TO DO: Give back exactly the line containing "by rewrite nhist_cherry" together with all the lines after it, ending at the final line below.

DATA SUPPLIED:
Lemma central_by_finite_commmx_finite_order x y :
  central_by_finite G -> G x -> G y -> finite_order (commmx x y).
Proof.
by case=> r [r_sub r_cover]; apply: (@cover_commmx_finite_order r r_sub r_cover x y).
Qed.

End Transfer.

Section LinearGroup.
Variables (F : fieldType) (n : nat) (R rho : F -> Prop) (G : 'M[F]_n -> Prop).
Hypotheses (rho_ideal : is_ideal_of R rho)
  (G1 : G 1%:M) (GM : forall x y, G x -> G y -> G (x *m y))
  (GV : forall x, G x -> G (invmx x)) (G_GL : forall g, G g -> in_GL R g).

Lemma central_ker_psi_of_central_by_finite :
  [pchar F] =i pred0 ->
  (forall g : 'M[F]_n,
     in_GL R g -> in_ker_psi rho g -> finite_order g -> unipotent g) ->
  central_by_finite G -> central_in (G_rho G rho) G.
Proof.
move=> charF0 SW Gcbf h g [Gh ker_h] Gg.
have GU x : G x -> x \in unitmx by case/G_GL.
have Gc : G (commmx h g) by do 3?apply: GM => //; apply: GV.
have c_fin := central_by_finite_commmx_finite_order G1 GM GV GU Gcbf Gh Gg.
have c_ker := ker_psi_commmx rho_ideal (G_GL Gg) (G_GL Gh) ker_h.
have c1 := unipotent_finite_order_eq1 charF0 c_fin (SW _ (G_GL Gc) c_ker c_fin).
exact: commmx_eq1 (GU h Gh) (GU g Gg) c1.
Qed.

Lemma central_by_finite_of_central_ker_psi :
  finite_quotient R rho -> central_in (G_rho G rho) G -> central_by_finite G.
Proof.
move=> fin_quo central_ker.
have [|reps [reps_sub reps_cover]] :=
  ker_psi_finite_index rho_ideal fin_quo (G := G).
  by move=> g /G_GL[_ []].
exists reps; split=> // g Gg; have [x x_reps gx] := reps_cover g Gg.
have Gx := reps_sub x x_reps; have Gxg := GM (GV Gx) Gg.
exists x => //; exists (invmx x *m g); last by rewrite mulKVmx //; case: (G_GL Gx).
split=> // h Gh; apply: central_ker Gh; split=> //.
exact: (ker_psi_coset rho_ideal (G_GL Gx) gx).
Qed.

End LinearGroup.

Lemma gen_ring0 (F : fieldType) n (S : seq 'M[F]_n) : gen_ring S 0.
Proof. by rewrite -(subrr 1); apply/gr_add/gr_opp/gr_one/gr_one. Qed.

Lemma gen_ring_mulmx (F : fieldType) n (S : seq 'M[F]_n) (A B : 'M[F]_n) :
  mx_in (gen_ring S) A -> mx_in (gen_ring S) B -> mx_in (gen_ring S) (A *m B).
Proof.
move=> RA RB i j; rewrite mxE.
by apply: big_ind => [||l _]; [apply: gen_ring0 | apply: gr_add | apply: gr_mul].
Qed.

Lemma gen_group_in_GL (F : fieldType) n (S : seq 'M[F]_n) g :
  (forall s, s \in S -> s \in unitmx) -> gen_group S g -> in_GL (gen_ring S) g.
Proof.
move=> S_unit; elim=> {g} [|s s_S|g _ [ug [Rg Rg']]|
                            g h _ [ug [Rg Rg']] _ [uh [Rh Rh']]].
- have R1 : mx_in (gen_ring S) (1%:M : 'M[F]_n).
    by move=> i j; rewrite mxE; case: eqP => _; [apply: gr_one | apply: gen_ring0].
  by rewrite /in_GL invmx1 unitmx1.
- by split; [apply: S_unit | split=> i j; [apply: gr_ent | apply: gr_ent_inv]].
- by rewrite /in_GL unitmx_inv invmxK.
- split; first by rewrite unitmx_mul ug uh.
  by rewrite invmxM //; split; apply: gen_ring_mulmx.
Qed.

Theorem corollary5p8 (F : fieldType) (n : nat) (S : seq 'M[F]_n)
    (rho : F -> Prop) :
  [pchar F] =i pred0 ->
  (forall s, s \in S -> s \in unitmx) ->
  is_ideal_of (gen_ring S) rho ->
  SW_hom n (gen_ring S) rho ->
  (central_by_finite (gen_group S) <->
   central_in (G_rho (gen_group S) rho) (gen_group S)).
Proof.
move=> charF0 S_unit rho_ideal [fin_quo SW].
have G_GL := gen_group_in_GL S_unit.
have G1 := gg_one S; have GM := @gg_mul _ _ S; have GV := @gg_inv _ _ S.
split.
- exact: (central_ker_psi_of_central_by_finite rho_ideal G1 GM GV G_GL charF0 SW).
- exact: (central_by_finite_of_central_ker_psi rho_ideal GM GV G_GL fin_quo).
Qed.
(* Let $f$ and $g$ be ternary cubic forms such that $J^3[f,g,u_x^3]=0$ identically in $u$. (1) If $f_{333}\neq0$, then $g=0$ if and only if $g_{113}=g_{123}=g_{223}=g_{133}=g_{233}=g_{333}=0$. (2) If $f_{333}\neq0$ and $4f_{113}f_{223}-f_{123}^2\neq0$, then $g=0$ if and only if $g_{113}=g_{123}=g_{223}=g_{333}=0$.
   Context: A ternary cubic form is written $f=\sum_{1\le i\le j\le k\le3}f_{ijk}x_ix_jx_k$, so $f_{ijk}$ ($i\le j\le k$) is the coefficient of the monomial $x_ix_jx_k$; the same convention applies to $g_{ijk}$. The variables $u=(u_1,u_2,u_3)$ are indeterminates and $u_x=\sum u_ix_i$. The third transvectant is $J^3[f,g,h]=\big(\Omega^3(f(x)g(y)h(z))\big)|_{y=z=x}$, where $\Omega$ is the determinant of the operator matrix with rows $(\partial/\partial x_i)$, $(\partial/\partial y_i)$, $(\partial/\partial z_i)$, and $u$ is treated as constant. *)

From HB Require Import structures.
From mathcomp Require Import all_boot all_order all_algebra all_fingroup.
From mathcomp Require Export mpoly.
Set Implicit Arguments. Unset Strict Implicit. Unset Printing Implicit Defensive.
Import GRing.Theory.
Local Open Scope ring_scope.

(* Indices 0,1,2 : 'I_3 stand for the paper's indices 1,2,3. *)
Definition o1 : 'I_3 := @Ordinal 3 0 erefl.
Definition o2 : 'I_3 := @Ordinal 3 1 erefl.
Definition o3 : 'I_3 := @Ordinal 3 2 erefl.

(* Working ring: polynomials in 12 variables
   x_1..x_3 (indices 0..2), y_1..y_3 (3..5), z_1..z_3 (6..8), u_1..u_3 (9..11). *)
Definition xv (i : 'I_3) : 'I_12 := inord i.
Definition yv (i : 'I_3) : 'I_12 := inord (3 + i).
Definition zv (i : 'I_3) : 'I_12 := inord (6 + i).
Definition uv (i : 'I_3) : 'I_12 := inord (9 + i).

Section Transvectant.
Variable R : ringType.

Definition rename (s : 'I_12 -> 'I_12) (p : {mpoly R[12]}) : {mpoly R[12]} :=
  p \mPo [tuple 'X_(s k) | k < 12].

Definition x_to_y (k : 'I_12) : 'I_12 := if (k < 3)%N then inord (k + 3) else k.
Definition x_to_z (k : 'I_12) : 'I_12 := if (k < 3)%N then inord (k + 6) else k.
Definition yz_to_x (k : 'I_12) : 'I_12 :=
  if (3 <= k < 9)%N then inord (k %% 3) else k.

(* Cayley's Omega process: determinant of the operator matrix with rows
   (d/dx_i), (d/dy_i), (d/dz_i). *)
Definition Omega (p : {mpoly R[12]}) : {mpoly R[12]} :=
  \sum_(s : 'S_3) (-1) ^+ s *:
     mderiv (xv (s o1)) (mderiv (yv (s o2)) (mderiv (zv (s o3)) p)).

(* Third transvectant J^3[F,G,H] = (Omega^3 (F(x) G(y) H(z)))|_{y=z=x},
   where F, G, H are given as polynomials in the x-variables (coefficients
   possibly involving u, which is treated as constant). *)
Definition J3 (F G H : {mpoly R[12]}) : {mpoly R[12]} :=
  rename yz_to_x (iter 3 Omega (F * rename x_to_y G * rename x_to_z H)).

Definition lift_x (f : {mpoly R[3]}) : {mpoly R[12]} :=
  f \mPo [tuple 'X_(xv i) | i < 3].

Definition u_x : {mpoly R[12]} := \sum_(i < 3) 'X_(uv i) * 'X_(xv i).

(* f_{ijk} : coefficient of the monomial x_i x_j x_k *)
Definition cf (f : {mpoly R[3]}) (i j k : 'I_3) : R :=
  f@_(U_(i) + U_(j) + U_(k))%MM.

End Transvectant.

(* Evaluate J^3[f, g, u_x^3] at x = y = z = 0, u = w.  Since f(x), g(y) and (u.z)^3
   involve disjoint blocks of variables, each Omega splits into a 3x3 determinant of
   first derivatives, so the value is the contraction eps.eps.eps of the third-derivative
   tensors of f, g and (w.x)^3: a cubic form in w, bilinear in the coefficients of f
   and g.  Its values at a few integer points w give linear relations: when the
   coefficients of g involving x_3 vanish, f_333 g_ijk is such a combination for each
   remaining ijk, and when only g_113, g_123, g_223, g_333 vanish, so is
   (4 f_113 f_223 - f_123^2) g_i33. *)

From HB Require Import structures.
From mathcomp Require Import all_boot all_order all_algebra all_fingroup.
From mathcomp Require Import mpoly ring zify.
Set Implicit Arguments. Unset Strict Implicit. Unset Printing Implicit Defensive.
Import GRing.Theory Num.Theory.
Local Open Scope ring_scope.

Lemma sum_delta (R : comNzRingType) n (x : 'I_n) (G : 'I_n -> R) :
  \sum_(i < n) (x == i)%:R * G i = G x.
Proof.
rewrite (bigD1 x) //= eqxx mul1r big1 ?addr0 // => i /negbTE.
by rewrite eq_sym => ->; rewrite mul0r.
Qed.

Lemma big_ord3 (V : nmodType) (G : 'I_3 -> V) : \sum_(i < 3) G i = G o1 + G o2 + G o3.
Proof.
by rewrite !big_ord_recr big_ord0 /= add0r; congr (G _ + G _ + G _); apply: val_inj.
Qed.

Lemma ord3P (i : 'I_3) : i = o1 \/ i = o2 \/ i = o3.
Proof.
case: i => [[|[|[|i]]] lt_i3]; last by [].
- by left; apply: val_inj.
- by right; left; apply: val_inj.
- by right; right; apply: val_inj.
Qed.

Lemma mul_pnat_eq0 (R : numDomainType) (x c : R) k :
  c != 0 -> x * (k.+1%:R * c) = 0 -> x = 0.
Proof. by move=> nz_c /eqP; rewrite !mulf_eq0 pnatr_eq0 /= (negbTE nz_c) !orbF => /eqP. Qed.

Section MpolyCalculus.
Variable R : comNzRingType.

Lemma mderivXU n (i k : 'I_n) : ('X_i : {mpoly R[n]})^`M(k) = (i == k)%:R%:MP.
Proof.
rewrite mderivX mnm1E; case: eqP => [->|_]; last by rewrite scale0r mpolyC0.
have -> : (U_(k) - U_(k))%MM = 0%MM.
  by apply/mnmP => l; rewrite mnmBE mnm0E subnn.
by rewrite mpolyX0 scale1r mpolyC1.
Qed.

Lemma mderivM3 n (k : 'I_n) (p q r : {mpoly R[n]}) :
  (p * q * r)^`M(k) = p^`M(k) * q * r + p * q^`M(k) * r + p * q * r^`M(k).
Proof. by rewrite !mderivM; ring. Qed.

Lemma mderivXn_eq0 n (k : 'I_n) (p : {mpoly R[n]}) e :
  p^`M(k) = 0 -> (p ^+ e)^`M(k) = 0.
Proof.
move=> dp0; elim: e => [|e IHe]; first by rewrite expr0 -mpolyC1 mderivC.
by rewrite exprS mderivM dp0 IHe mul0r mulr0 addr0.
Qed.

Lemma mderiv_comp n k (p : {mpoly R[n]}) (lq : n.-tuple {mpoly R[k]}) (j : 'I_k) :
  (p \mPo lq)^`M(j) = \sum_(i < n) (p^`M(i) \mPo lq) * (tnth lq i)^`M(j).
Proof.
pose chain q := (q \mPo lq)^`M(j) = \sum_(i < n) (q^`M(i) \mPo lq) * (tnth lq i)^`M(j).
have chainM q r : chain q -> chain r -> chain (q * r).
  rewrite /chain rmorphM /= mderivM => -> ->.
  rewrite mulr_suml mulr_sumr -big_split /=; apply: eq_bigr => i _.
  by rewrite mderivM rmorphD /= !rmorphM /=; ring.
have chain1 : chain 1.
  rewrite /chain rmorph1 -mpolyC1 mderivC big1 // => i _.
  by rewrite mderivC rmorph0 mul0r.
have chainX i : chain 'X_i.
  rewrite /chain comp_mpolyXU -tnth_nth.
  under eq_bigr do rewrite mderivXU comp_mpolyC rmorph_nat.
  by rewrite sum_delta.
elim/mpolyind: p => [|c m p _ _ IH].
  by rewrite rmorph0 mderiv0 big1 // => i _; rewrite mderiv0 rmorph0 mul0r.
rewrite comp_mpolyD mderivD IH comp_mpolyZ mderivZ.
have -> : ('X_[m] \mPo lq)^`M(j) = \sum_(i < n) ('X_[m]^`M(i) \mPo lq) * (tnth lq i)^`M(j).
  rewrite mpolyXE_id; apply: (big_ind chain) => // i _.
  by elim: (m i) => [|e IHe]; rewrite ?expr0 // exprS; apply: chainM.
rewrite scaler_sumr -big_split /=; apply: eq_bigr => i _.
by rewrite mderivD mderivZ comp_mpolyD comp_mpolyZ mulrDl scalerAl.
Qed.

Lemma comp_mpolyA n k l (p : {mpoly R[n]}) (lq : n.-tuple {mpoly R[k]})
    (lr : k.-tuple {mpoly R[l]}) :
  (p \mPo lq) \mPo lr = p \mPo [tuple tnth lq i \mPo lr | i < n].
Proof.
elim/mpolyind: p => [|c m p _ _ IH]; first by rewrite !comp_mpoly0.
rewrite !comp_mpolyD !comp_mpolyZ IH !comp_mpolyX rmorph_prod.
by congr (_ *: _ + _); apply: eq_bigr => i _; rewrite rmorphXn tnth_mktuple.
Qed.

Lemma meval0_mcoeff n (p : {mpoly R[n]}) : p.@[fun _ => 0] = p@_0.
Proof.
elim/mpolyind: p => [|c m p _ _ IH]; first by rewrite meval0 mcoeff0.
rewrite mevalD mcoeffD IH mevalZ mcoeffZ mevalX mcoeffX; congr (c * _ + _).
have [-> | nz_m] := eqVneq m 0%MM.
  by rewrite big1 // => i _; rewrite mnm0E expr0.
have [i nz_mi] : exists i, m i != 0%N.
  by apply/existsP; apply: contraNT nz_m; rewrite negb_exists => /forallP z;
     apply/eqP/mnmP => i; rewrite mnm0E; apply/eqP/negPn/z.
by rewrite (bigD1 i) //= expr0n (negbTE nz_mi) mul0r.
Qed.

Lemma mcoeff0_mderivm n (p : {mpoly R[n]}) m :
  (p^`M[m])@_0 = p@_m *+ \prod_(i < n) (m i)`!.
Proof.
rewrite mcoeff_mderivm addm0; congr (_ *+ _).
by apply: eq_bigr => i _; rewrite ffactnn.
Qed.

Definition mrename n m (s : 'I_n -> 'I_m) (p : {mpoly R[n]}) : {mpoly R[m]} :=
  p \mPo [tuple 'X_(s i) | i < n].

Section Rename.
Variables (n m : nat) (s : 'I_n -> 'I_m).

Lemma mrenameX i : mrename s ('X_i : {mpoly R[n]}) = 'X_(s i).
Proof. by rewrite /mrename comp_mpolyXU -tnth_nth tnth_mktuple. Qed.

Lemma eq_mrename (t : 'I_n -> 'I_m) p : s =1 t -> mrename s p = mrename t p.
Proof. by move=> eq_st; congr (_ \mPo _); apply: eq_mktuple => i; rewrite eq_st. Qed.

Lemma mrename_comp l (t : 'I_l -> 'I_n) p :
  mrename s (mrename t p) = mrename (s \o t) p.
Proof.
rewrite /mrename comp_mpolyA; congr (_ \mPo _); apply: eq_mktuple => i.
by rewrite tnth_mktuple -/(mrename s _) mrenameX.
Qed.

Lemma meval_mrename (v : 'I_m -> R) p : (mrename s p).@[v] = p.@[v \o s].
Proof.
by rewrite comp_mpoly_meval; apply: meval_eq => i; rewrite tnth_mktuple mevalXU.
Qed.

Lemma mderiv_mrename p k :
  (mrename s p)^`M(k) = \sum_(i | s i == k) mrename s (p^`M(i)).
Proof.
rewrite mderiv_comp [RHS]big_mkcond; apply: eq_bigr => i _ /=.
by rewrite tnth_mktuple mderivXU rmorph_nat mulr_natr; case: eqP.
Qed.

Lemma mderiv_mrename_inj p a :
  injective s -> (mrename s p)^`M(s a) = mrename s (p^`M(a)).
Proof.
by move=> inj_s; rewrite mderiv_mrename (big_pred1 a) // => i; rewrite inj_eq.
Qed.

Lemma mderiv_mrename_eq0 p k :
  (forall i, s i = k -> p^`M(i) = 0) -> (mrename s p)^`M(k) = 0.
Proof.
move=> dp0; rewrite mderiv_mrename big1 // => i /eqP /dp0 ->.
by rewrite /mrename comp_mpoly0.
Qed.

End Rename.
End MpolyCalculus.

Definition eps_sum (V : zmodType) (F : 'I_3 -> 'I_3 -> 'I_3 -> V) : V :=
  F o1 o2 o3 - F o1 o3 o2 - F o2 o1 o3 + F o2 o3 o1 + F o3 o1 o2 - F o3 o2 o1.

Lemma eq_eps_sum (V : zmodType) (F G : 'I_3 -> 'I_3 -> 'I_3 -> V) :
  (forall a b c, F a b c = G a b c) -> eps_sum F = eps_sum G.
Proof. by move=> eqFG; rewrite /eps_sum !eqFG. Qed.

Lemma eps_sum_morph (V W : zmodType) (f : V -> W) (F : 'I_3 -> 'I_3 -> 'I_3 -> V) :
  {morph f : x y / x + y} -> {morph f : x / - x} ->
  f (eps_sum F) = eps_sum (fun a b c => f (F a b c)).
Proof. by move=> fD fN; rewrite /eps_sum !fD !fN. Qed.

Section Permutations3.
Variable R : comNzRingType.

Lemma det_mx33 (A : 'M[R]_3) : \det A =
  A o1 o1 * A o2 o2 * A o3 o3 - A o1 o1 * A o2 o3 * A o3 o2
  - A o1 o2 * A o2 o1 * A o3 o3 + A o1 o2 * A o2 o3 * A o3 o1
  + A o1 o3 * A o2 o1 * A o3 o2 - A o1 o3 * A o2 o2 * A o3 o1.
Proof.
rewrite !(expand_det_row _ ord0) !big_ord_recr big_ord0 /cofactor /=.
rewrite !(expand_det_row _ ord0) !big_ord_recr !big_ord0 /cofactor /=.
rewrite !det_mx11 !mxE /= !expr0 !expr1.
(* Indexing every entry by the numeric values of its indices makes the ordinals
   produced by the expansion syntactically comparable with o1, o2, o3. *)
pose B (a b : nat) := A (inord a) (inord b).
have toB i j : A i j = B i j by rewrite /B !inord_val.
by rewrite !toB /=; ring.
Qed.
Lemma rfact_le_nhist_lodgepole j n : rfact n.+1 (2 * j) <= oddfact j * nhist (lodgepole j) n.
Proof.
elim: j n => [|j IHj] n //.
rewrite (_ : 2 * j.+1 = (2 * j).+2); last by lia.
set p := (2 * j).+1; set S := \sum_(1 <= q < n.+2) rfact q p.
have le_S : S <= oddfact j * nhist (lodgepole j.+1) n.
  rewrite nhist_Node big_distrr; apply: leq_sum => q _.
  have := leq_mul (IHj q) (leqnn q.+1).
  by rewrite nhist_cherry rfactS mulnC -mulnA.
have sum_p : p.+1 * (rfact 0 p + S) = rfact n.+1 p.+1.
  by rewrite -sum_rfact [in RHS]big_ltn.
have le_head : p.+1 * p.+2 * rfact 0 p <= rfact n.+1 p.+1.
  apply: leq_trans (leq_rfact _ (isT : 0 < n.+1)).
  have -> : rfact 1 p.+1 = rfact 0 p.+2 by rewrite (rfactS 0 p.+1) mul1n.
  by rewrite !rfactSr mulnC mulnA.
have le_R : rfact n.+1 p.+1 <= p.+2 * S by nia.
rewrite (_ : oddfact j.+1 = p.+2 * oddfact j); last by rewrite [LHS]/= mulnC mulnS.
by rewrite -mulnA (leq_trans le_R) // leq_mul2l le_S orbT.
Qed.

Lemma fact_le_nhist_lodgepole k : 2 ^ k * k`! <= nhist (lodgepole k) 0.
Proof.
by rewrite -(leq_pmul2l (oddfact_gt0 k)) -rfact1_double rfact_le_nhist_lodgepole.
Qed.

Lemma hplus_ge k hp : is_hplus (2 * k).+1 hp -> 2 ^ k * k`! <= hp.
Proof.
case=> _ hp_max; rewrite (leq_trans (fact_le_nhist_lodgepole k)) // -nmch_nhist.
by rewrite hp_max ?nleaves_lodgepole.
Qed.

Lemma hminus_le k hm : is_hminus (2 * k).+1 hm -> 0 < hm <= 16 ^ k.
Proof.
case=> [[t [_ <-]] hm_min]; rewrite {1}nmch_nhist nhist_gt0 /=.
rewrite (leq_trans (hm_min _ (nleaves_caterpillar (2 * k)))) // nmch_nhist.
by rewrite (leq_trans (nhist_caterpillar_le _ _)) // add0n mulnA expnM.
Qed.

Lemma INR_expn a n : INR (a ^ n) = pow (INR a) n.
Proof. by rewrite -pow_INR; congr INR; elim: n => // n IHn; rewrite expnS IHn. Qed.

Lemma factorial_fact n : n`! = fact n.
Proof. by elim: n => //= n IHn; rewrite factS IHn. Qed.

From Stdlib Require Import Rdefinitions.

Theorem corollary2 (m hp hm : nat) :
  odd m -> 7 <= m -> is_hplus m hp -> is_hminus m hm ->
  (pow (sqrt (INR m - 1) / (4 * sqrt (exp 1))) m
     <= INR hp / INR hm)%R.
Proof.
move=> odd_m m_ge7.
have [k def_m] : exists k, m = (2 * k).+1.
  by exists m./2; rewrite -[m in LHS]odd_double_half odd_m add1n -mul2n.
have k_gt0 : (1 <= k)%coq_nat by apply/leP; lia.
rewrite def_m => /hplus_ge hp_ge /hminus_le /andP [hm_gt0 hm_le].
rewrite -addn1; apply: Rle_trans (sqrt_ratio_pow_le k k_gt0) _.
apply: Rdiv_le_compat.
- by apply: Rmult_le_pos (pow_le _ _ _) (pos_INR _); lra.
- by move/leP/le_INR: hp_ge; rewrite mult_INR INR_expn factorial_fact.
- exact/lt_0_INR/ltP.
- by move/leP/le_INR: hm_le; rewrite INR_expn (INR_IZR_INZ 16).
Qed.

WRITTEN RESPONSE:
  by rewrite nhist_cherry rfactS mulnC -mulnA.
have sum_p : p.+1 * (rfact 0 p + S) = rfact n.+1 p.+1.
  by rewrite -sum_rfact [in RHS]big_ltn.
have le_head : p.+1 * p.+2 * rfact 0 p <= rfact n.+1 p.+1.
  apply: leq_trans (leq_rfact _ (isT : 0 < n.+1)).
  have -> : rfact 1 p.+1 = rfact 0 p.+2 by rewrite (rfactS 0 p.+1) mul1n.
  by rewrite !rfactSr mulnC mulnA.
have le_R : rfact n.+1 p.+1 <= p.+2 * S by nia.
rewrite (_ : oddfact j.+1 = p.+2 * oddfact j); last by rewrite [LHS]/= mulnC mulnS.
by rewrite -mulnA (leq_trans le_R) // leq_mul2l le_S orbT.
Qed.

Lemma fact_le_nhist_lodgepole k : 2 ^ k * k`! <= nhist (lodgepole k) 0.
Proof.
by rewrite -(leq_pmul2l (oddfact_gt0 k)) -rfact1_double rfact_le_nhist_lodgepole.
Qed.

Lemma hplus_ge k hp : is_hplus (2 * k).+1 hp -> 2 ^ k * k`! <= hp.
Proof.
case=> _ hp_max; rewrite (leq_trans (fact_le_nhist_lodgepole k)) // -nmch_nhist.
by rewrite hp_max ?nleaves_lodgepole.
Qed.

Lemma hminus_le k hm : is_hminus (2 * k).+1 hm -> 0 < hm <= 16 ^ k.
Proof.
case=> [[t [_ <-]] hm_min]; rewrite {1}nmch_nhist nhist_gt0 /=.
rewrite (leq_trans (hm_min _ (nleaves_caterpillar (2 * k)))) // nmch_nhist.
by rewrite (leq_trans (nhist_caterpillar_le _ _)) // add0n mulnA expnM.
Qed.

Lemma INR_expn a n : INR (a ^ n) = pow (INR a) n.
Proof. by rewrite -pow_INR; congr INR; elim: n => // n IHn; rewrite expnS IHn. Qed.

Lemma factorial_fact n : n`! = fact n.
Proof. by elim: n => //= n IHn; rewrite factS IHn. Qed.

From Stdlib Require Import Rdefinitions.

Theorem corollary2 (m hp hm : nat) :
  odd m -> 7 <= m -> is_hplus m hp -> is_hminus m hm ->
  (pow (sqrt (INR m - 1) / (4 * sqrt (exp 1))) m
     <= INR hp / INR hm)%R.
Proof.
move=> odd_m m_ge7.
have [k def_m] : exists k, m = (2 * k).+1.
  by exists m./2; rewrite -[m in LHS]odd_double_half odd_m add1n -mul2n.
have k_gt0 : (1 <= k)%coq_nat by apply/leP; lia.
rewrite def_m => /hplus_ge hp_ge /hminus_le /andP [hm_gt0 hm_le].
rewrite -addn1; apply: Rle_trans (sqrt_ratio_pow_le k k_gt0) _.
apply: Rdiv_le_compat.
- by apply: Rmult_le_pos (pow_le _ _ _) (pos_INR _); lra.
- by move/leP/le_INR: hp_ge; rewrite mult_INR INR_expn factorial_fact.
- exact/lt_0_INR/ltP.
- by move/leP/le_INR: hm_le; rewrite INR_expn (INR_IZR_INZ 16).
Qed.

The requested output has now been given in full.